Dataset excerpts
======
(* Let $\mathcal B$ be a set of bidders with valuations $\{v_b\}$ on $\Omega$ and let $r\ge 0$ be reserve prices. Let $\mathcal B'=\mathcal B\cup\{a\}$ where $a$ is an additional bidder with additive valuation $v_a(S)=r(S)$, and for an allocation $\langle\Omega_b\rangle_{b\in\mathcal B}$ let $\langle\Omega'_{b'}\rangle_{b'\in\mathcal B'}$ be given by $\Omega'_b=\Omega_b$ for $b\in\mathcal B$ and $\Omega'_a=\Omega\setminus\bigcup_{b\in\mathcal B}\Omega_b$. (a1) The allocation $\langle\Omega_b\rangle$ with prices $p$ is a Walrasian equilibrium with reserve prices $r$ for $\mathcal B$ if and only if $\langle\Omega'_{b'}\rangle$ with prices $p'$ is a Walrasian equilibrium for $\mathcal B'$, where $p_j=p'_j$ for $j\in\bigcup_{b\in\mathcal B}\Omega_b$ and $p_{j'}=r_{j'}$ for $j'\in\Omega\setminus\bigcup_{b\in\mathcal B}\Omega_b$. (a2) $\langle\Omega_b\rangle$ is a Walrasian-equilibrium-with-reserve-prices-$r$ allocation if and only if (the 0/1 vector $x_{b,S}=1$ iff $S=\Omega_b$) is an optimal integral solution to the linear program $\mathrm{LP}_r$. (b) If all $v_b$ are gross substitute, then (b1) a Walrasian equilibrium with reserve prices $r$ exists for $\{v_b\}$, and (b2) the set of price vectors of Walrasian equilibria with reserve prices $r$ forms a complete lattice (closed under item-wise $\min$ and $\max$).
   Context: $\Omega$ is a finite set of items; price vectors $p\in\mathbb{R}^\Omega_{\ge0}$, $p(S)=\sum_{j\in S}p_j$, comparisons item-wise. Each bidder has a monotone valuation $v_b:2^\Omega\to\mathbb{R}$, $v_b(\emptyset)=0$; $D_b(p)$ is the set of $S$ maximizing $v_b(S)-p(S)$. An allocation is a family of pairwise disjoint subsets $\langle\Omega_b\rangle$ of $\Omega$ (items may be unallocated); it is envy free at $p$ if $\Omega_b\in D_b(p)$ for all $b$. A Walrasian equilibrium is an envy-free allocation with prices $p\ge0$ where unallocated items have price $0$. A Walrasian equilibrium with reserve prices $r$ is an envy-free allocation with prices $p\ge r$ where every unallocated item $j$ has $p_j=r_j$. A valuation is gross substitute if for all $p^{(2)}\ge p^{(1)}\ge0$ and every $D^{(1)}\in D(p^{(1)})$ there is $D^{(2)}\in D(p^{(2)})$ containing every $j\in D^{(1)}$ with $p^{(1)}_j=p^{(2)}_j$. $\mathrm{LP}_r$: maximize $\sum_{b\in\mathcal B,S\subseteq\Omega}x_{b,S}v_b(S)+\sum_{j\in\Omega}\big(1-\sum_{b,S\ni j}x_{b,S}\big)r_j$ subject to $\sum_{b,S\ni j}x_{b,S}\le1$ for all $j\in\Omega$, $\sum_{S}x_{b,S}\le 1$ for all $b\in\mathcal B$, $x_{b,S}\ge0$. *)

From HB Require Import structures.
From mathcomp Require Import all_boot all_order all_algebra.
From mathcomp Require Import reals.
Set Implicit Arguments. Unset Strict Implicit. Unset Printing Implicit Defensive.
Import Order.TTheory GRing.Theory Num.Theory.
Local Open Scope ring_scope.

Section Defs.
Context {R : realType} {Omega : finType}.

Definition price (p : Omega -> R) (S : {set Omega}) : R := \sum_(j in S) p j.

Definition valuation (v : {set Omega} -> R) : Prop :=
  v set0 = 0 /\ (forall S T : {set Omega}, S \subset T -> v S <= v T).

Definition in_demand (v : {set Omega} -> R) (p : Omega -> R) (S : {set Omega}) : Prop :=
  forall T : {set Omega}, v T - price p T <= v S - price p S.

Definition gross_substitute (v : {set Omega} -> R) : Prop :=
  forall p1 p2 : Omega -> R,
    (forall j, 0 <= p1 j) -> (forall j, p1 j <= p2 j) ->
    forall D1 : {set Omega}, in_demand v p1 D1 ->
    exists D2 : {set Omega}, in_demand v p2 D2 /\
      (forall j, j \in D1 -> p1 j = p2 j -> j \in D2).

Context {I : finType}.

Definition is_allocation (A : I -> {set Omega}) : Prop :=
  forall b c : I, b != c -> [disjoint A b & A c].

Definition allocated (A : I -> {set Omega}) : {set Omega} := \bigcup_(b : I) A b.

Definition envy_free (v : I -> {set Omega} -> R) (A : I -> {set Omega})
  (p : Omega -> R) : Prop := forall b : I, in_demand (v b) p (A b).

Definition walrasian (v : I -> {set Omega} -> R) (A : I -> {set Omega})
  (p : Omega -> R) : Prop :=
  [/\ is_allocation A, envy_free v A p, (forall j, 0 <= p j) &
      (forall j, j \notin allocated A -> p j = 0)].

Definition walrasian_reserve (r : Omega -> R) (v : I -> {set Omega} -> R)
  (A : I -> {set Omega}) (p : Omega -> R) : Prop :=
  [/\ is_allocation A, envy_free v A p, (forall j, r j <= p j) &
      (forall j, j \notin allocated A -> p j = r j)].

Definition wer_prices (r : Omega -> R) (v : I -> {set Omega} -> R) : (Omega -> R) -> Prop :=
  fun p => exists A, walrasian_reserve r v A p.

Definition lp_feasible (x : I -> {set Omega} -> R) : Prop :=
  [/\ forall b S, 0 <= x b S,
      forall j : Omega, \sum_(b : I) \sum_(S : {set Omega} | j \in S) x b S <= 1 &
      forall b : I, \sum_(S : {set Omega}) x b S <= 1].

Definition lp_objective (r : Omega -> R) (v : I -> {set Omega} -> R)
  (x : I -> {set Omega} -> R) : R :=
  \sum_(b : I) \sum_(S : {set Omega}) x b S * v b S +
  \sum_(j : Omega) (1 - \sum_(b : I) \sum_(S : {set Omega} | j \in S) x b S) * r j.

Definition lp_optimal (r : Omega -> R) (v : I -> {set Omega} -> R)
  (x : I -> {set Omega} -> R) : Prop :=
  lp_feasible x /\
  forall y, lp_feasible y -> lp_objective r v y <= lp_objective r v x.

Definition integral (x : I -> {set Omega} -> R) : Prop :=
  forall b S, x b S = 0 \/ x b S = 1.

Definition alloc_vector (A : I -> {set Omega}) : I -> {set Omega} -> R :=
  fun b S => if S == A b then 1 else 0.

(* extended market with extra bidder a = None with additive valuation r(S) *)
Definition ext_val (r : Omega -> R) (v : I -> {set Omega} -> R) :
  option I -> {set Omega} -> R :=
  fun b => match b with Some b => v b | None => price r end.

Definition ext_alloc (A : I -> {set Omega}) : option I -> {set Omega} :=
  fun b => match b with Some b => A b | None => ~: allocated A end.

Definition restrict_prices (r : Omega -> R) (A : I -> {set Omega})
  (p' : Omega -> R) : Omega -> R :=
  fun j => if j \in allocated A then p' j else r j.

End Defs.

(* (a1): the additional bidder's utility r(S) - p(S) is maximised by the
   unallocated items exactly when p >= r on the allocated items and p <= r on
   the others, which translates between the two kinds of equilibria.
   (a2) is LP duality.  Prices p >= r together with utilities u_b form a
   feasible solution of the dual of LP_r; by weak duality the allocation
   vector of an equilibrium is optimal.  Conversely strong duality, obtained
   from Farkas' lemma (proved by Fourier-Motzkin elimination), gives a dual
   solution whose value is the welfare of an optimal allocation, and
   complementary slackness makes it an equilibrium price vector.
   (b1): for gross substitutes valuations an ascending auction with increment
   eps ends in an approximate equilibrium, so every welfare maximising
   allocation is within O(eps) of the optimum of LP_r for every eps, hence
   optimal, and (a2) applies.
   (b2): the prices of any equilibrium support every equilibrium allocation.
   The indirect utility of a gross substitutes valuation is submodular in the
   prices, which forces a bundle demanded at p and at q to be demanded at
   min(p, q) and max(p, q).  Infima and suprema of equilibrium prices are
   approximated by finite minima and maxima, and demand survives the limit. *)

From HB Require Import structures.
From mathcomp Require Import all_boot all_order all_algebra.
From mathcomp Require Import boolp classical_sets reals.
From mathcomp Require Import ring lra.
Set Implicit Arguments. Unset Strict Implicit. Unset Printing Implicit Defensive.
Import Order.TTheory GRing.Theory Num.Theory.
Local Open Scope ring_scope.

(** * Farkas' lemma *)

Section Farkas.
Variable R : realFieldType.

Lemma sum_if_eq (I : finType) (j : I) (c : R) (f : I -> R) :
  \sum_i (if i == j then c else 0) * f i = c * f j.
Proof. by rewrite (bigD1 j) //= eqxx big1 ?addr0 // => i /negbTE ->; rewrite mul0r. Qed.

Lemma sum_comb (I J : finType) (l : J -> R) (M : J -> I -> R) (f : I -> R) :
  \sum_i (\sum_j l j * M j i) * f i = \sum_j l j * \sum_i M j i * f i.
Proof.
under eq_bigr do rewrite mulr_suml.
rewrite exchange_big /=; apply: eq_bigr => j _.
by rewrite mulr_sumr; apply: eq_bigr => i _; rewrite mulrA.
Qed.

Definition ineq_feasible (X I : finType) (A : I -> X -> R) (b : I -> R) :=
  exists x : X -> R, forall i, \sum_k A i k * x k <= b i.

Definition farkas_certificate (X I : finType) (A : I -> X -> R) (b : I -> R) :=
  exists l : I -> R, [/\ forall i, 0 <= l i,
     forall k, \sum_i l i * A i k = 0 & \sum_i l i * b i < 0].

(* The hypothesis is [c k / a k <= c i / a i] with denominators cleared: every
   lower bound on [t] is below every upper bound. *)
Lemma one_var_ineq_feasible (I : finType) (a c : I -> R) :
  (forall i k, 0 < a i -> a k < 0 -> 0 <= c i * - a k + c k * a i) ->
  exists t, forall i, a i != 0 -> a i * t <= c i.
Proof.
move=> Hpair.
case: (pickP (fun i => 0 < a i)) => [i0 Hi0 | Hnp].
  have [im Him Hmin] := @arg_minP _ _ _ i0 [pred i | 0 < a i] (fun i => c i / a i) Hi0.
  have {}Him : 0 < a im := Him.
  exists (c im / a im) => i; have Eim : a im * (c im / a im) = c im.
    by field; rewrite lt0r_neq0.
  case: (ltrgtP (a i) 0) => [Hn _ | Hp _ | //].
    have := Hpair im i Him Hn; move: Eim; set t := c im / a im => <-; nra.
  have Hle : c im / a im <= c i / a i := Hmin i Hp.
  have Ei : a i * (c i / a i) = c i by field; rewrite lt0r_neq0.
  move: Hle Ei; set t := c im / a im; set u := c i / a i; nra.
case: (pickP (fun i => a i < 0)) => [k0 Hk0 | Hnn].
  have [km _ Hmax] := @arg_maxP _ _ _ k0 [pred i | a i < 0] (fun i => c i / a i) Hk0.
  exists (c km / a km) => i.
  case: (ltrgtP (a i) 0) => [Hn _ | Hp _ | //].
    have Hle : c i / a i <= c km / a km := Hmax i Hn.
    have Ei : a i * (c i / a i) = c i by field; rewrite ltr0_neq0.
    move: Hle Ei; set t := c km / a km; set u := c i / a i; nra.
  by move: (Hnp i); rewrite Hp.
exists 0 => i; case: (ltrgtP (a i) 0) => [Hn _ | Hp _ | //].
  by move: (Hnn i); rewrite Hn.
by move: (Hnp i); rewrite Hp.
Qed.

(* Fourier-Motzkin elimination of a variable with coefficient column [a]: the
   new rows are the nonnegative combinations [-a k * row i + a i * row k] for
   [a i > 0 > a k], together with the rows [i] where [a i = 0]. *)
Definition fm_comb (I : finType) (a : I -> R) (i' : ((I * I) + I)%type) (i2 : I) : R :=
  match i' with
  | inl (i, k) => if (0 < a i) && (a k < 0) then
                   (if i2 == i then - a k else 0) + (if i2 == k then a i else 0)
                 else 0
  | inr i => if a i == 0 then (if i2 == i then 1 else 0) else 0
  end.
======
• [Task]:
Of all the lines in the data above, show only those that hold the word "which".

• [Exercise output]:
   the others, which translates between the two kinds of equilibria.
   prices, which forces a bundle demanded at p and at q to be demanded at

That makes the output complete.